A naval petty officer, who had been standing by the bookstall motionless, suddenly strode forward and held a girl in his arms.

Two military police, with their red caps, scrutinized the assembly as though it might contain German spies. The music of a military band blared out of a microphone. Officers and men of the Tank Corps in black berets made their way to a moving staircase. A lady at the bookstall asked for the Psychic News and was annoyed at not getting it.

Two nurses asked a porter to get them a taxi-cab.

“You’ll ’ave to queue up, ladies,” said the porter. “A bit of a curse, I know, but there’s a war on.”

“We’ve heard that before,” said one of the nurses. “It’s an excuse for red tape and a lot of damn nonsense.”

“I wouldn’t be surprised if you ain’t right, lady,” said the porter with a laugh.

Edward D. Haddon, of Taunton, Massachusetts, looked and listened. He liked to hear the Cockney dialect. The people who spoke it had been through the London Blitz. They had known how to take it. Friends of his in Taunton boasted of having Cockney ancestors.
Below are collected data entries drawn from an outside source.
Lemma ser_eqmod_add n P P' Q Q' :
  ser_eqmod n P P' -> ser_eqmod n Q Q' -> ser_eqmod n (ser_add P Q) (ser_add P' Q').
Proof.
  intros H1 H2 k l Hk; specialize (H1 k l Hk); specialize (H2 k l Hk).
  unfold ser_sub, ser_add in *; lra.
Qed.

Lemma ser_eqmod_du n P Q : ser_eqmod (S n) P Q -> ser_eqmod n (ser_du P) (ser_du Q).
Proof. intros H k l Hk; apply (H (S k) l); lia. Qed.

Lemma ser_eqmod_dv n P Q : ser_eqmod (S n) P Q -> ser_eqmod n (ser_dv P) (ser_dv Q).
Proof. intros H k l Hk; apply (H k (S l)); lia. Qed.

Lemma ser_eqmod_order n P Q : ser_eqmod n P Q -> order_ge n Q -> order_ge n P.
Proof.
  intros H1 H2 k l Hk; specialize (H1 k l Hk); specialize (H2 k l Hk).
  unfold ser_sub in *; lra.
Qed.

Lemma ser_eqmod_of_order n P Q : order_ge n P -> order_ge n Q -> ser_eqmod n P Q.
Proof. apply order_ge_sub. Qed.

Lemma ser_eqmod_coef n P Q k l : ser_eqmod n P Q -> (k + l < n)%nat -> P k l = Q k l.
Proof. intros H Hk. specialize (H k l Hk). unfold ser_sub in H. lra. Qed.

Lemma ser_eqmod_mul N A A0 D D0 a d e c :
  ser_eqmod a A A0 -> order_ge d D -> order_ge e A0 -> ser_eqmod c D D0 ->
  (N <= a + d)%nat -> (N <= e + c)%nat -> ser_eqmod N (ser_mul A D) (ser_mul A0 D0).
Proof.
  intros HA HD HA0 HDD0 Ha Hb.
  apply ser_eqmod_trans with (ser_mul A0 D); unfold ser_eqmod.
  - rewrite <- ser_mul_minus_distr_r. eapply order_ge_le; [|apply order_ge_mul; eauto]. lia.
  - rewrite <- ser_mul_minus_distr_l. eapply order_ge_le; [|apply order_ge_mul; eauto]. lia.
Qed.

Lemma ser_eqmod_mul_order N A B a b :
  order_ge a A -> order_ge b B -> (N <= a + b)%nat -> ser_eqmod N (ser_mul A B) ser0.
Proof.
  intros; apply ser_eqmod_of_order; [|apply order_ge_ser0].
  eapply order_ge_le; [|apply order_ge_mul; eauto]; lia.
Qed.

(* Series are stored by Taylor coefficients: [ser_lin a b] is [a u + b v] and
   [ser_quad a20 a11 a02] is [a20 u^2/2 + a11 u v + a02 v^2/2]. *)
Definition ser_lin (a b : R) : ser := fun k l =>
  match k, l with 1%nat, 0%nat => a | 0%nat, 1%nat => b | _, _ => 0 end.
Definition ser_u : ser := ser_lin 1 0.
Definition ser_v : ser := ser_lin 0 1.
Definition ser_quad (a20 a11 a02 : R) : ser := fun k l =>
  match k, l with
  | 2%nat, 0%nat => a20 | 1%nat, 1%nat => a11 | 0%nat, 2%nat => a02 | _, _ => 0
  end.

Definition ser_basis (i0 j0 : nat) : ser := fun k l =>
  if (Nat.eqb k i0 && Nat.eqb l j0)%bool then 1 else 0.

Lemma C_n_1 k : (1 <= k)%nat -> C k 1 = INR k.
Proof.
  intro Hk; destruct k as [|k]; [lia|].
  unfold C. replace (S k - 1)%nat with k by lia.
  rewrite fact_simpl, mult_INR. simpl (fact 1). simpl (INR 1).
  field. apply INR_fact_neq_0.
Qed.

Lemma ser_mul_basis i0 j0 P k l : (i0 <= k)%nat -> (j0 <= l)%nat ->
  ser_mul (ser_basis i0 j0) P k l = C k i0 * C l j0 * P (k - i0)%nat (l - j0)%nat.
Proof.
  intros Hi Hj; unfold ser_mul.
  rewrite (sum_f_R0_single _ k i0 Hi).
  2: { intros i _ Hne; apply sum_eq_R0; intros j _. unfold ser_basis.
       destruct (Nat.eqb_spec i i0); [lia|]. simpl. ring. }
  rewrite (sum_f_R0_single _ l j0 Hj).
  2: { intros j _ Hne. unfold ser_basis. rewrite Nat.eqb_refl.
       destruct (Nat.eqb_spec j j0); [lia|]. simpl. ring. }
  unfold ser_basis. rewrite !Nat.eqb_refl. simpl. ring.
Qed.

Lemma ser_mul_basis_out i0 j0 P k l : (k < i0 \/ l < j0)%nat ->
  ser_mul (ser_basis i0 j0) P k l = 0.
Proof.
  intros H; unfold ser_mul. apply sum_eq_R0; intros i Hi; apply sum_eq_R0; intros j Hj.
  unfold ser_basis. destruct (Nat.eqb_spec i i0), (Nat.eqb_spec j j0); simpl; try ring. lia.
Qed.

Lemma ser_lin_basis a b :
  ser_lin a b = ser_add (ser_scale a (ser_basis 1 0)) (ser_scale b (ser_basis 0 1)).
Proof.
  apply ser_ext; intros k l; unfold ser_lin, ser_add, ser_scale, ser_basis.
  destruct k as [|[|k]], l as [|[|l]]; simpl; ring.
Qed.

Lemma ser_mul_lin a b P k l :
  ser_mul (ser_lin a b) P k l = a * INR k * P (k - 1)%nat l + b * INR l * P k (l - 1)%nat.
Proof.
  rewrite ser_lin_basis, ser_mul_plus_distr_r, !ser_mul_scale_l. unfold ser_add, ser_scale.
  destruct k as [|k], l as [|l].
  - rewrite !ser_mul_basis_out by lia. simpl. ring.
  - rewrite ser_mul_basis_out, ser_mul_basis, C_n_1 by lia. unfold C. simpl. field.
  - rewrite ser_mul_basis, ser_mul_basis_out, C_n_1 by lia. unfold C. simpl.
    rewrite !Nat.sub_0_r. field; apply INR_fact_neq_0.
  - rewrite !ser_mul_basis, !C_n_1 by lia. unfold C. simpl. rewrite !Nat.sub_0_r.
    field; try apply INR_fact_neq_0. split; apply (INR_fact_neq_0 (S _)).
Qed.

Lemma ser_mul_u P k l : ser_mul ser_u P k l = INR k * P (k - 1)%nat l.
Proof. unfold ser_u; rewrite ser_mul_lin; ring. Qed.

Lemma ser_mul_v P k l : ser_mul ser_v P k l = INR l * P k (l - 1)%nat.
Proof. unfold ser_v; rewrite ser_mul_lin; ring. Qed.

Ltac ser_by_cases := apply ser_ext; intros [|[|[|k]]] [|[|[|l]]]; reflexivity.

Lemma du_u : ser_du ser_u = ser_one. Proof. ser_by_cases. Qed.
Lemma dv_u : ser_dv ser_u = ser0. Proof. ser_by_cases. Qed.
Lemma du_quad a20 a11 a02 : ser_du (ser_quad a20 a11 a02) = ser_lin a20 a11.
Proof. ser_by_cases. Qed.
Lemma dv_quad a20 a11 a02 : ser_dv (ser_quad a20 a11 a02) = ser_lin a11 a02.
Proof. ser_by_cases. Qed.

Lemma du_uv : ser_du (ser_mul ser_u ser_v) = ser_v.
Proof.
  apply ser_ext; intros k l; unfold ser_du; rewrite ser_mul_u.
  replace (S k - 1)%nat with k by lia.
  unfold ser_v, ser_lin. destruct k as [|[|[|k]]], l as [|[|[|l]]]; simpl; ring.
Qed.

Lemma dv_uv : ser_dv (ser_mul ser_u ser_v) = ser_u.
Proof.
  apply ser_ext; intros k l; unfold ser_dv; rewrite ser_mul_u.
  unfold ser_v, ser_u, ser_lin. destruct k as [|[|[|k]]], l as [|[|[|l]]]; simpl; ring.
Qed.

Lemma order_ge_lin a b : order_ge 1 (ser_lin a b).
Proof. intros [|k] [|l] H; try lia; reflexivity. Qed.

Section Jacobian.
Variables (n : nat) (a20 a11 a02 : R).

(* The change in the degree-[n] Taylor coefficients of [f_u.f_u / 2], [f_u.f_v]
   and [f_v.f_v / 2] caused by homogeneous corrections of X, Y, Z with Taylor
   coefficients [x i = dX(i, n+1-i)], [y i = dY(i, n-1-i)], [z i = dZ(i, n-i)]. *)
Definition jacE (x y z : nat -> R) k :=
  x (S k) + INR (n - k) * INR (S k) * y k + a20 * INR k * z k
  + a11 * INR (n - k) * z (S k).
Definition jacF (x y z : nat -> R) k :=
  x k + INR (n - k) * INR k * y (k - 1)%nat + INR k * INR k * y (k - 1)%nat
  + a20 * INR k * z (k - 1)%nat + a11 * INR (n - k) * z k + a11 * INR k * z k
  + a02 * INR (n - k) * z (S k).
Definition jacG (x y z : nat -> R) k :=
  INR k * INR (k - 1) * y (k - 2)%nat + a11 * INR k * z (k - 1)%nat
  + a02 * INR (n - k) * z k.

Lemma jac_ext x y z x' y' z' :
  (forall i, (i <= n + 1)%nat -> x i = x' i) -> (forall i, (i <= n - 1)%nat -> y i = y' i) ->
  (forall i, (i <= n)%nat -> z i = z' i) ->
  forall k, (k <= n)%nat ->
  jacE x y z k = jacE x' y' z' k /\ jacF x y z k = jacF x' y' z' k /\
  jacG x y z k = jacG x' y' z' k.
Proof.
  intros Hx Hy Hz k Hk. unfold jacE, jacF, jacG.
  rewrite (Hx (S k)), (Hx k), (Hz k), (Hy (k - 1)%nat), (Hz (k - 1)%nat), (Hy (k - 2)%nat)
    by lia.
  destruct (Nat.eq_dec k n) as [->|Hkn].
  - rewrite Nat.sub_diag, INR_0. repeat split; ring.
  - rewrite (Hy k), (Hz (S k)) by lia. repeat split; ring.
Qed.

Hypothesis Hn : (3 <= n)%nat.
Hypothesis Ha02 : 0 < a02.

Lemma INR_n_ge_3 : 3 <= INR n.
Proof. replace 3 with (INR 3) by (simpl; ring). apply le_INR; lia. Qed.

(* Eliminating [x] between [jacE] at [J] and [jacF] at [J + 1] and adding [jacG]
   at [J + 2] leaves a 2x2 system with determinant [- a02 (J + 1) (2N - J - 2)]. *)
Lemma jac_step_zero N J x y z : 0 <= J -> J + 2 <= N ->
  x + (N - J) * (J + 1) * y = 0 ->
  x + (N - J - 1) * (J + 1) * y + (J + 1) * (J + 1) * y + a02 * (N - J - 1) * z = 0 ->
  (J + 2) * (J + 1) * y + a02 * (N - J - 2) * z = 0 -> y = 0 /\ z = 0.
Proof.
  intros HJ HN HE HF HG.
  assert (Hz : z * (a02 * (2 * N - J - 2)) = 0) by nra.
  apply Rmult_integral in Hz as [Hz|Hz]; [|nra]. subst z.
  split; [|reflexivity].
  assert (Hy : y * ((J + 2) * (J + 1)) = 0) by lra.
  apply Rmult_integral in Hy as [Hy|Hy]; [exact Hy|nra].
Qed.

Section Kernel.
Variables x y z : nat -> R.
Hypothesis Hker : forall k, (k <= n)%nat ->
  jacE x y z k = 0 /\ jacF x y z k = 0 /\ jacG x y z k = 0.

Lemma jac_kernel_z01 : z 0%nat = 0 /\ z 1%nat = 0.
Proof.
  pose proof INR_n_ge_3.
  destruct (Hker 0%nat) as (_&_&G0); [lia|].
  destruct (Hker 1%nat) as (_&_&G1); [lia|].
  unfold jacG in G0, G1. simpl in G0, G1. rewrite Nat.sub_0_r in G0.
  rewrite minus_INR in G1 by lia. simpl in G1.
  assert (z0 : z 0%nat = 0).
  { assert (Hz : z 0%nat * (a02 * INR n) = 0) by lra.
    apply Rmult_integral in Hz as [Hz|Hz]; [exact Hz|nra]. }
  split; [exact z0|]. rewrite z0 in G1.
  assert (Hz : z 1%nat * (a02 * (INR n - 1)) = 0) by lra.
  apply Rmult_integral in Hz as [Hz|Hz]; [exact Hz|nra].
Qed.

Lemma jac_kernel_zy k : (1 <= k <= n)%nat ->
  (forall i, (i <= k)%nat -> z i = 0) /\ (forall i, (i + 2 <= k)%nat -> y i = 0).
Proof.
  destruct jac_kernel_z01 as [z0 z1].
  induction k as [|k IH]; intro Hk; [lia|].
  destruct (Nat.eq_dec k 0) as [->|Hk0].
  { split; intros i Hi; [destruct i as [|[|i]]; auto; lia | lia]. }
  destruct IH as [IHz IHy]; [lia|].
  destruct k as [|j]; [lia|].
  destruct (Hker j) as (Ej&_&_); [lia|].
  destruct (Hker (S j)) as (_&Fj&_); [lia|].
  destruct (Hker (S (S j))) as (_&_&Gj); [lia|].
  unfold jacE, jacF, jacG in *.
  replace (S j - 1)%nat with j in Fj by lia.
  replace (S (S j) - 1)%nat with (S j) in Gj by lia.
  replace (S (S j) - 2)%nat with j in Gj by lia.
  rewrite (IHz j) in Ej, Fj by lia. rewrite (IHz (S j)) in Ej, Fj, Gj by lia.
  rewrite !minus_INR in Ej, Fj, Gj by lia.
  rewrite !S_INR in Ej. rewrite !S_INR in Fj. rewrite !S_INR in Gj.
  assert (HJ : INR j + 2 <= INR n).
  { replace (INR j + 2) with (INR (j + 2)) by (rewrite plus_INR; simpl; ring).
    apply le_INR; lia. }
  destruct (jac_step_zero (INR n) (INR j) (x (S j)) (y j) (z (S (S j)))) as [Hy Hz];
    auto using pos_INR; try lra.
  split.
  - intros i Hi. destruct (Nat.eq_dec i (S (S j))) as [->|]; auto. apply IHz; lia.
  - intros i Hi. destruct (Nat.eq_dec i j) as [->|]; auto. apply IHy; lia.
Qed.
Edward D. Haddon, having no one to talk to in this crowd, talked to himself inside his head.

“These people don’t take the war grimly. They certainly are a cheerful crowd. They look as though they’re winning this war and know the worst is over. Well, I guess that’s right, though there’s still a long way to go. That’s why I’m here. I guess we’ll have to do a hell of a lot of fighting before the Germans crack. British and Americans fighting together. That kills the Ancient Grudge, and time enough, too. It’s a hell of a long time since George Three and the Declaration of Independence. Some of our Isolationists still want to fan up that old stuff. Some of my bunch come over with their old school-book prejudices which break down mostly when they’ve seen the inside of an English home. We’re turning over a page in history, I guess. Maybe I’ll see what’s on the next page. I’ll be glad to know. That’s a striking-looking girl over there. I wonder why she looked at me like that. I like her brown eyes and her straight little nose. She looks like Rosalind in As You Like It. She walks with a long free stride like so many English girls. And she’s going toward Platform 7, which is mine, I’m told.”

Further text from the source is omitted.